During the first quarter, non-life private insurers recorded growth of 1.21 per cent in premium income, while ICICI Lombard's business has shrunk 21 per cent. Are you deliberately going slow?
It's a conscious decision that we have taken. The post-detariffing scenario as well as the economic slowdown has led to an unreasonably soft-pricing situation. If you have to look at the group health businesses, the pricing is not sustainable.
The market size has not grown significantly because of the economic environment.
Pricing has been very aggressive in the first quarter and the discounts are as steep as last year. In certain segments, such as the group health insurance business, companies are making losses. This is a pure risk business.
We are focusing on segments where we see pricing is adequate. The approach is more balanced. We have consciously not underwritten certain businesses. Our profit has increased in the quarter as we benefited from investment.
What are your focus areas?
We will continue to focus on our retail segment, especially health. Within corporate business, there are segments that are profitable.
There are other retail segments like motor. We have been picking up segments that we believe are right priced. Health and motor are one-third each of the business.
The corporate sector is complaining about insurers cancelling group health policies in the middle of the year.
Whenever the situation looks like it is not working, the insurer goes out and has a discussion with the corporate. It is not a one-sided decision that happens. If you look at the loss ratio of the industry in group health, the losses would not be at this level.
Health is one of the focus areas for all insurers. Are you worried over the entry of standalone health insurers?

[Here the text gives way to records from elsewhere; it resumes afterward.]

(* Let $p,q\ge0$, $n=p+q\ge1$, $N=2^{\lfloor (n+1)/2\rfloor}$. For every $M\in\mathcal{G}^{\mathbb{C}}_{p,q}$: $C_{(N)}(M^\dagger M)=0$ if and only if $C_{(N)}(M)=0$; and $C_{(1)}(M^\dagger M)=0$ if and only if $M=0$.
   Context: Let $\mathcal{G}_{p,q}$ be the real Clifford algebra with identity $e$ and generators $e_1,\dots,e_n$ satisfying $e_ae_b+e_be_a=2\eta_{ab}e$, $\eta={\rm diag}(1,\dots,1,-1,\dots,-1)$ ($p$ ones, $q$ minus ones), basis elements $e_A=e_{a_1}\cdots e_{a_k}$ for $a_1<\dots<a_k$, and $\mathcal{G}^{\mathbb{C}}_{p,q}=\mathbb{C}\otimes\mathcal{G}_{p,q}$ with elements $M=\sum_A m_Ae_A$, $m_A\in\mathbb{C}$. Hermitian conjugation: $M^\dagger=\sum_A\overline{m_A}(e_A)^{-1}$. Let $\langle M\rangle_0$ denote the coefficient of $e$ (scalar part). Let $\beta$ be an algebra isomorphism from $\mathcal{G}^{\mathbb{C}}_{p,q}$ onto ${\rm Mat}(N,\mathbb{C})$ if $n$ is even, and onto block-diagonal matrices ${\rm diag}(X,Y)$, $X,Y\in{\rm Mat}(N/2,\mathbb{C})$, if $n$ is odd. The characteristic polynomial coefficients $C_{(k)}(M)$, $k=1,\dots,N$, are defined by $\det(\lambda I_N-\beta(M))=\lambda^N-C_{(1)}(M)\lambda^{N-1}-\cdots-C_{(N)}(M)$ (independent of $\beta$); equivalently they are given by the recursion $M_{(1)}=M$, $C_{(k)}=\frac{N}{k}\langle M_{(k)}\rangle_0$, $M_{(k+1)}=M(M_{(k)}-C_{(k)})$. *)

From HB Require Import structures.
From mathcomp Require Import all_boot all_algebra.
From mathcomp Require Import reals complex.
Set Implicit Arguments. Unset Strict Implicit. Unset Printing Implicit Defensive.
Import GRing.Theory Num.Theory.
Local Open Scope ring_scope.

Section Clifford.
Variables (R : realType) (p q : nat).
Local Notation n := (p + q)%N.
Local Notation C := R[i].

(* An element M = sum_A m_A e_A of G^C_{p,q}: the coefficient family
   A |-> m_A, indexed by subsets A of the generator set {e_0..e_(n-1)}
   (a subset A = {a_1 < ... < a_k} stands for e_A = e_{a_1}...e_{a_k}). *)
Definition cl := {ffun {set 'I_n} -> C}.

Definition cl_eta (a : 'I_n) : C := if (a < p)%N then 1 else -1.

(* e_A e_B = (-1)^{#{(a,b) in A x B | b < a}} (prod_{c in A cap B} eta_cc) e_{A Δ B} *)
Definition cl_sign (A B : {set 'I_n}) : C :=
  (-1) ^+ #|[set ab : 'I_n * 'I_n | (ab.1 \in A) && (ab.2 \in B) && (ab.2 < ab.1)%N]|
  * \prod_(c in A :&: B) cl_eta c.

Definition cl_symdiff (A B : {set 'I_n}) : {set 'I_n} := (A :\: B) :|: (B :\: A).

Definition cl_mul (M N : cl) : cl :=
  [ffun D => \sum_(A : {set 'I_n}) \sum_(B : {set 'I_n})
      (if cl_symdiff A B == D then cl_sign A B * M A * N B else 0)].

Definition cl_basis (A : {set 'I_n}) : cl := [ffun B => (B == A)%:R].
Definition cl_one : cl := cl_basis set0.
Definition cl_gen (a : 'I_n) : cl := cl_basis [set a].

Definition cl_scalar (M : cl) : C := M set0.

(* (e_A)^{-1} = e_{a_k}^{-1} ... e_{a_1}^{-1}, with e_a^{-1} = eta_aa e_a *)
Definition cl_basis_inv (A : {set 'I_n}) : cl :=
  foldr cl_mul cl_one [seq cl_eta a *: cl_gen a | a <- rev (enum A)].

Definition cl_dagger (M : cl) : cl :=
  \sum_(A : {set 'I_n}) (M A)^* *: cl_basis_inv A.

Definition cl_N : nat := 2 ^ (n.+1)./2.

(* Recursion: M_(1) = M, C_(k) = N/k <M_(k)>_0, M_(k+1) = M (M_(k) - C_(k)).
   cl_Mk M k = M_(k+1). *)
Fixpoint cl_Mk (M : cl) (k : nat) : cl :=
  match k with
  | 0 => M
  | k'.+1 => let Mk := cl_Mk M k' in
             let ck := (cl_N%:R / (k'.+1)%:R) * cl_scalar Mk in
             cl_mul M (Mk - ck *: cl_one)
  end.

Definition cl_C (M : cl) (k : nat) : C :=
  (cl_N%:R / k%:R) * cl_scalar (cl_Mk M k.-1).

End Clifford.

(* Everything is transported to an explicit matrix representation.  Iterated
   tensor products of Pauli matrices give 2m pairwise anticommuting hermitian
   involutions gamma_0, ..., gamma_(2m-1) of size N = 2^m, m = ceil(n/2).
   Multiplying the last q of them by i gives generators squaring to eta_aa, and
   sending e_A to the ordered product of the generators in A is an algebra
   morphism cl_mx from G^C_{p,q} to N x N complex matrices, mapping M^dagger to
   the conjugate transpose of cl_mx M.  Each e_A with A nonempty anticommutes
   with some gamma_b, so it is traceless and tr (cl_mx M) = N <M>_0.  Hence the
   recursion defining the C_(k) is the Faddeev-LeVerrier recursion for cl_mx M
   (proved from ('X - A) adj('X - A) = char_poly A and Jacobi's formula for the
   derivative of char_poly A), so C_(N)(M) = -(-1)^N det (cl_mx M) and
   C_(N)(M^dagger M) = -(-1)^N |C_(N)(M)|^2.  Finally the e_A are orthonormal
   for the trace form, so C_(1)(M^dagger M) = N sum_A |m_A|^2. *)

From HB Require Import structures.
From mathcomp Require Import all_boot all_algebra.
From mathcomp Require Import reals complex zify.
Import GRing.Theory Num.Theory.
Local Open Scope ring_scope.
Set Implicit Arguments. Unset Strict Implicit. Unset Printing Implicit Defensive.

Section CharPolyDerivative.
Variable R : comNzRingType.

Lemma deriv_prod (I : eqType) (r : seq I) (f : I -> {poly R}) : uniq r ->
  (\prod_(i <- r) f i)^`() =
  \sum_(j <- r) \prod_(i <- r) (if i == j then (f i)^`() else f i).
Proof.
elim: r => [|a r IHr] /=; first by rewrite !big_nil derivC.
case/andP=> a_notin_r uniq_r; rewrite !big_cons derivM IHr // eqxx mulr_sumr.
congr (_ * _ + _).
- by apply: eq_big_seq => i ir; case: eqP => // ia; rewrite -ia ir in a_notin_r.
- apply: eq_big_seq => j jr; rewrite big_cons.
  by case: eqP => // aj; rewrite aj jr in a_notin_r.
Qed.

Lemma deriv_det n (P : 'M[{poly R}]_n) :
  (\det P)^`() =
  \sum_(j < n) \det (\matrix_(i, k) if i == j then (P i k)^`() else P i k).
Proof.
rewrite /determinant linear_sum exchange_big /=; apply: eq_bigr => s _.
have sign_const : ((-1) ^+ perm.odd_perm s : {poly R})^`() = 0.
  by case: (perm.odd_perm s); rewrite ?expr1 ?expr0 ?derivN derivC ?oppr0.
rewrite derivM sign_const mul0r add0r deriv_prod ?index_enum_uniq // mulr_sumr.
by apply: eq_bigr => j _; congr (_ * _); apply: eq_bigr => i _; rewrite mxE; case: eqP.
Qed.

Lemma deriv_char_poly n (A : 'M[R]_n) :
  (char_poly A)^`() = \tr (\adj (char_poly_mx A)).
Proof.
rewrite /char_poly deriv_det /mxtrace; apply: eq_bigr => j _.
rewrite (expand_det_row _ j) (bigD1 j) //= big1 ?addr0 => [|k kj]; rewrite !mxE eqxx.
  rewrite derivB derivMn derivX derivC subr0 mulr1n mul1r /cofactor.
  congr (_ * \det _); apply/matrixP => i k; rewrite !mxE.
  by rewrite eq_sym (negbTE (neq_lift _ _)).
by rewrite derivB derivMn derivX derivC subr0 eq_sym (negbTE kj) mulr0n mul0r.
Qed.

End CharPolyDerivative.

Section FaddeevLeVerrier.
Variables (F : fieldType) (n : nat) (A : 'M[F]_n).
Hypothesis F_pchar0 : [pchar F] =i pred0.

Fixpoint faddeev_leverrier (k : nat) : 'M[F]_n :=
  if k is k'.+1 then
    let B := faddeev_leverrier k' in A *m (B - (\tr B / k%:R) *: 1%:M)
  else A.

Local Notation chi := (char_poly A).

Let adj_coef (j : nat) : 'M[F]_n :=
  \matrix_(i, l) ((\adj (char_poly_mx A)) i l)`_j.

Lemma adj_coef_rec j :
  (if j is j'.+1 then adj_coef j' else 0) - A *m adj_coef j = chi`_j *: 1%:M.
Proof.
apply/matrixP => i l.
have := congr1 (fun M : 'M[{poly F}]_n => (M i l)`_j) (mul_mx_adj (char_poly_mx A)).
rewrite /= !mxE coef_sum mulr_natr -coefMn => <-; apply/esym.
under eq_bigr => k _ do
  rewrite !mxE mulrBl coefB mulrnAl coefMn coefXM coefCM.
rewrite sumrB (bigD1 i) //= eqxx mulr1n big1 ?addr0; last first.
  by move=> k; rewrite eq_sym => /negbTE ->.
rewrite /adj_coef; congr (_ - _); first by case: j => [|j] /=; rewrite !mxE.
by apply: eq_bigr => k _; rewrite !mxE.
Qed.

Lemma tr_adj_coef j : \tr (adj_coef j) = chi`_j.+1 *+ j.+1.
Proof.
rewrite -coef_deriv deriv_char_poly /mxtrace coef_sum.
by apply: eq_bigr => i _; rewrite mxE.
Qed.

Lemma adj_coef_ge j : (n <= j)%N -> adj_coef j = 0.
Proof.
pose d := (\max_(il : 'I_n * 'I_n) size ((\adj (char_poly_mx A)) il.1 il.2))%N.
have adj_coef_large i : (d <= i)%N -> adj_coef i = 0.
  move=> le_d_i; apply/matrixP => k l; rewrite mxE [RHS]mxE nth_default //.
  exact: leq_trans (leq_bigmax (k, l)) le_d_i.
have adj_coef_shift i : (n <= i)%N -> adj_coef i = A *m adj_coef i.+1.
  move=> le_n_i; apply/eqP; rewrite -subr_eq0 (adj_coef_rec i.+1).
  by rewrite nth_default ?size_char_poly // scale0r.
suff vanish t i : (n <= i)%N -> (d <= i + t)%N -> adj_coef i = 0.
  by move=> le_n_j; apply: (vanish d) => //; rewrite leq_addl.
elim: t i => [|t IHt] i le_n_i; first by rewrite addn0; apply: adj_coef_large.
by rewrite addnS -addSn => le_d; rewrite adj_coef_shift // (IHt i.+1) ?mulmx0 // ltnW.
Qed.

Lemma adj_coef_top : (0 < n)%N -> adj_coef n.-1 = 1%:M.
Proof.
move=> n_gt0; have /= := adj_coef_rec n.-1.+1.
rewrite prednK // (adj_coef_ge (leqnn n)) mulmx0 subr0 => ->.
have /monicP := char_poly_monic A.
by rewrite lead_coefE size_char_poly => ->; rewrite scale1r.
Qed.

Lemma tr_mul_adj_coef j : (j < n)%N -> \tr (A *m adj_coef j) = - (chi`_j *+ (n - j)).
Proof.
move=> lt_j_n; have /(congr1 (@mxtrace _ _)) := adj_coef_rec j.
rewrite raddfB /= mxtraceZ mxtrace1 mulr_natr => /eqP.
rewrite subr_eq addrC -subr_eq => /eqP <-.
rewrite mulrnBr ?(ltnW lt_j_n) // opprB; congr (_ - _).
by case: j lt_j_n => [|j] _ /=; rewrite ?mxtrace0 ?tr_adj_coef.
Qed.

Lemma tr_mul_adj_coef_div k : (k < n)%N ->
  \tr (A *m adj_coef (n - k.+1)) / k.+1%:R = - chi`_(n - k.+1).
Proof.
move=> lt_k_n; rewrite tr_mul_adj_coef ?subnSK ?leq_subr // subKn //.
by rewrite -[_ *+ k.+1]mulr_natr mulNr mulfK //; move/pcharf0P: F_pchar0 => ->.
Qed.

Lemma faddeev_leverrierE k : (k < n)%N ->
  faddeev_leverrier k = A *m adj_coef (n - k.+1).
Proof.
elim: k => [|k IHk] lt_k1_n /=.
  by rewrite subn1 adj_coef_top ?mulmx1 // (leq_ltn_trans _ lt_k1_n).
have lt_k_n := ltnW lt_k1_n.
rewrite IHk // tr_mul_adj_coef_div // scaleNr opprK.
have -> : (n - k.+1 = (n - k.+2).+1)%N by rewrite subnSK.
by have /= /eqP := adj_coef_rec (n - k.+2).+1; rewrite subr_eq addrC => /eqP <-.
Qed.

Lemma tr_faddeev_leverrier k : (k < n)%N ->
  \tr (faddeev_leverrier k) / k.+1%:R = - chi`_(n - k.+1).
Proof. by move=> lt_k_n; rewrite faddeev_leverrierE // tr_mul_adj_coef_div. Qed.

Lemma faddeev_leverrier_det : (0 < n)%N ->
  \tr (faddeev_leverrier n.-1) / n%:R = - ((-1) ^+ n * \det A).
Proof.
move=> n_gt0; have := tr_faddeev_leverrier (k := n.-1).
by rewrite prednK // subnn char_poly_det; apply.
Qed.

End FaddeevLeVerrier.

Lemma big_nat_recr_cond (T : Type) (idx : T) (op : Monoid.law idx) k
    (P : pred nat) (F : nat -> T) :
  \big[op/idx]_(0 <= i < k.+1 | P i) F i =
  op (\big[op/idx]_(0 <= i < k | P i) F i) (if P k then F k else idx).
Proof. by rewrite /index_iota !subn0 -addn1 iotaD cats1 big_rcons. Qed.

Definition inversions (k : nat) (S T : pred nat) : nat :=
  \sum_(0 <= i < k | S i) count T (iota 0 i).

Lemma leq_double_uphalf k : (k <= 2 * uphalf k)%N.
Proof. by rewrite mul2n -leq_uphalf_double. Qed.

Lemma count_iota_predD1 (S : pred nat) b k :
  (count (fun j => S j && (j != b)) (iota 0 k) + (S b && (b < k)))%N =
  count S (iota 0 k).
Proof.
have uniq_t : uniq (filter S (iota 0 k)) by rewrite filter_uniq ?iota_uniq.
have -> : nat_of_bool (S b && (b < k))%N = count_mem b (filter S (iota 0 k)).
  by rewrite count_uniq_mem // mem_filter mem_iota.
have -> : count (fun j => S j && (j != b)) (iota 0 k) =
          count (predC1 b) (filter S (iota 0 k)).
  by rewrite count_filter; apply: eq_count => j /=; rewrite andbC.
by rewrite -[count S _]size_filter -(count_predC (pred1 b)) addnC.
Qed.

Lemma exists_odd_count_predD1 (S : pred nat) k m :
  (k <= 2 * m)%N -> has S (iota 0 k) ->
  exists2 b, (b < 2 * m)%N & odd (count (fun j => S j && (j != b)) (iota 0 k)).
Proof.
move=> le_k_2m hasS; have [odd_c | even_c] := boolP (odd (count S (iota 0 k))).
  suff [b lt_b notSb] : exists2 b, (b < 2 * m)%N & ~~ (S b && (b < k))%N.
    by exists b; rewrite // -(count_iota_predD1 S b) (negbTE notSb) addn0 in odd_c.
  have [lt_k_2m | ge_k_2m] := ltnP k (2 * m); first by exists k; rewrite ?ltnn ?andbF.
  have : has (predC S) (iota 0 k).
    rewrite has_count -(ltn_add2l (count S (iota 0 k))) addn0 count_predC size_iota.
    rewrite ltn_neqAle -[X in (_ <= X)%N](size_iota 0 k) count_size andbT.
    apply: contraTneq odd_c => ->.
    suff -> : k = (2 * m)%N by rewrite oddM.
    by apply/eqP; rewrite eqn_leq le_k_2m.
  case/hasP => b; rewrite mem_iota => /andP[_ lt_b_k] notSb.
  by exists b; [apply: leq_trans le_k_2m | rewrite (negbTE notSb)].
case/hasP: hasS => b; rewrite mem_iota => /andP[_ lt_b_k] Sb.
exists b; first exact: leq_trans lt_b_k le_k_2m.
by rewrite -(count_iota_predD1 S b) Sb lt_b_k addn1 /= negbK in even_c.
Qed.

Section GeneratorMonomials.
Variables (K : comNzRingType) (A : algType K).

Definition gen_monomial (g : nat -> A) (k : nat) (S : pred nat) : A :=
  \prod_(0 <= i < k | S i) g i.

Lemma gen_monomial0 g (S : pred nat) : gen_monomial g 0 S = 1.
Proof. by rewrite /gen_monomial big_geq. Qed.

Lemma gen_monomialS g k (S : pred nat) :
  gen_monomial g k.+1 S = gen_monomial g k S * (if S k then g k else 1).
Proof. exact: big_nat_recr_cond. Qed.

Lemma eq_gen_monomial g k (S T : pred nat) :
  (forall i, (i < k)%N -> S i = T i) -> gen_monomial g k S = gen_monomial g k T.
Proof.
move=> eqST; rewrite /gen_monomial big_mkcond [RHS]big_mkcond.
by apply: eq_big_nat => i /andP[_ /eqST ->].
Qed.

Health is under penetrated and there is space for everyone to come and participate. The focus has to be on expanding the market together rather than worry about competition at this point in time.
How does the entry of new players such as SBI General affect you?

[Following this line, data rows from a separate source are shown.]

Lemma flags_unique t1 t2 m1 m2 j : t1 < N -> t2 < N ->
  flags t1 m1 j -> flags t2 m2 j -> t1 = t2 /\ m1 = m2.
Proof.
wlog t12 : t1 t2 m1 m2 / t1 <= t2 => [hyp t1_lt t2_lt f1 f2|].
  have [t12 | /ltnW t21] := leqP t1 t2; first exact: hyp.
  by have [-> ->] := hyp _ _ _ _ t21 t2_lt t1_lt f2 f1.
move=> t1_lt t2_lt f1 f2; have t_eq : t1 = t2.
  apply/eqP; rewrite eqn_leq t12 leqNgt; apply/negP => t12'.
  have st_j : st t2 j by apply: (st_after_flags t1_lt f1); rewrite t12' ltnW.
  by move: f2; rewrite /flags mem_Q st_reset_pos ?st_j ?andbF // (leq_ltn_trans _ t12').
split=> //; move: f1 f2; rewrite -t_eq /flags !mem_Q.
move=> /and3P[_ _ /and4P[padv_lt /eqP <- _ _]] /and3P[_ _ /and4P[_ /eqP <- _ _]].
exact: set_nth_default.
Qed.

Lemma flagged_exists_flags t j : t <= N -> flagged t j -> pos t j < size (sq j) ->
  exists t' m, t' < t /\ flags t' m j.
Proof.
elim: t => [|t IH] t_le // st_j pos_lt.
have [/(_ j)/andP[pos_le _] _ st_succ pos_succ] := run t_le.
have padv_lt : padv t j < size (sq j).
  by rewrite (leq_ltn_trans _ pos_lt) // pos_succ leq_addr.
move: st_j; rewrite /flagged /= st_succ st_resetE // => /orP[fl | /existsP[m f]].
  have [t' [m [t'_lt f]]] := IH (ltnW t_le) fl (leq_ltn_trans pos_le padv_lt).
  by exists t', m; split=> //; apply: ltnW.
by exists t, m.
Qed.

Section Horizon.
Hypothesis N_eq : N = 2 * L * l.

Definition flag_key (j : Job) : option ('I_(2 * L) * M) :=
  [pick q : 'I_(2 * L) * M | flags (q.1 * l) q.2 j].

Lemma flag_keyE j T m : (flag_key j == Some (T, m)) = flags (T * l) m j.
Proof.
rewrite /flag_key; case: pickP => [[T' m'] /= f' | none]; last by rewrite (none (T, m)).
apply/eqP/idP => [[<- <-] // | f].
have lt_N (T0 : 'I_(2 * L)) : T0 * l < N by rewrite N_eq ltn_pmul2r.
have [/eqP + ->] := flags_unique (lt_N T') (lt_N T) f' f.
by rewrite eqn_pmul2r // => /eqP/val_inj->.
Qed.

Lemma unfinished_flag_key j :
  D sq <= L -> pos N j != size (sq j) -> flag_key j != None.
Proof.
move=> D_le unfin; have pos_lt : pos N j < size (sq j).
  by rewrite ltn_neqAle unfin pos_le_size.
have fl : flagged N j.
  apply: contraT => not_fl.
  have act : active N j by rewrite /active pos_lt.
  have := (schedule_invariant (leqnn N)).1 j act.
  have size_le : size (sq j) <= L by apply: leq_trans D_le; exact: leq_bigmax.
  by rewrite {1}N_eq mulnK //; have := ltn_ord (h (sq j) (ind j)); rewrite /hj; lia.
have [t [m [t_lt f]]] := flagged_exists_flags (leqnn N) fl pos_lt.
have T_lt : t %/ l < 2 * L by rewrite ltn_divLR // -N_eq.
rewrite /flag_key; case: pickP => // /(_ (Ordinal T_lt, m)) /=.
by case/and3P: (f) => l_dvd _ _; rewrite divnK ?f.
Qed.

Lemma half_finished : D sq <= L -> hash_good sq ind l h ->
  #|Job| <= 2 * #|[set j | pos N j == size (sq j)]|.
Proof.
move=> D_le good; rewrite leqNgt; apply/negP => few_done.
apply: (key_fibres_not_hash_good (key := flag_key)
  (p := fun j => if flag_key j is Some (T, _) then padv (T * l) j else 0)) good.
- move=> j T m kj; have := flag_keyE j T m; rewrite kj eqxx => /esym/and3P[_ _].
  rewrite mem_Q mulnK // => /and4P[padv_lt /eqP nth_m /eqP virt_j _].
  by rewrite /virt padv_lt virt_j.
- move=> T m; have [Q_gt | Q_le] := ltnP l #|Q (T * l) m|; [right | left].
    rewrite (_ : [set j | _] = Q (T * l) m) //.
    by apply/setP => j; rewrite inE flag_keyE /flags modnMl Q_gt.
  by apply: eq_card0 => j; rewrite inE flag_keyE /flags ltnNge Q_le andbF.
- have : ~: [set j | pos N j == size (sq j)] \subset [set j | flag_key j != None].
    by apply/subsetP => j; rewrite !inE; exact: unfinished_flag_key.
  by move/subset_leq_card; have := cardsC [set j | pos N j == size (sq j)]; lia.
Qed.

This is one industry where penetration has not increased. We are still less than 1 per cent at 0.6 per cent of GDP. We still have not built as much retail distribution as is required to increase the penetration level. There are segments such retail health insurance where there is a huge opportunity. Our focus will be on delivering product innovation.
When a set of new companies come in, typically they help expand the market. We will continue to leverage our distribution well and look at increasing penetration to the next level such as in the rural markets. We are working with the government in the rural market. To me, the opportunity is huge.
You have been losing market share for some time. Doesn't it bother you?
We are much more focused on our underwriting policies. These competencies will help us in the future. We do not mind losing market share when we are doing it as a conscious decision. Our focus remains on profitable growth.
How do you look at FY10?
Overall top line growth will be muted. Pricing at this point looks soft, but towards the end of 2009-10 it will show some improvement. Companies seem to be much more focused on writing the right business and in the long term it will help the industry. Last year was a tough one on the investment side.
This year, it should be better. We will see growth coming back in the second half of the year because under penetration in the segment (general insurance) is still an issue. In the first quarter, the industry grew by 5 per cent, but it is difficult to predict how fast it will rebound.
Our strategy will remain consistent and our growth will be a derivative of the strategy rather than the strategy driving growth.
What are your expansion plans?
Over the last two years, we have significantly added to the distribution footprint of the company. Our focus is on utilising our assets better. When you look at expansion, one needs retail expansion. We will continue to expand our distribution based on our business model.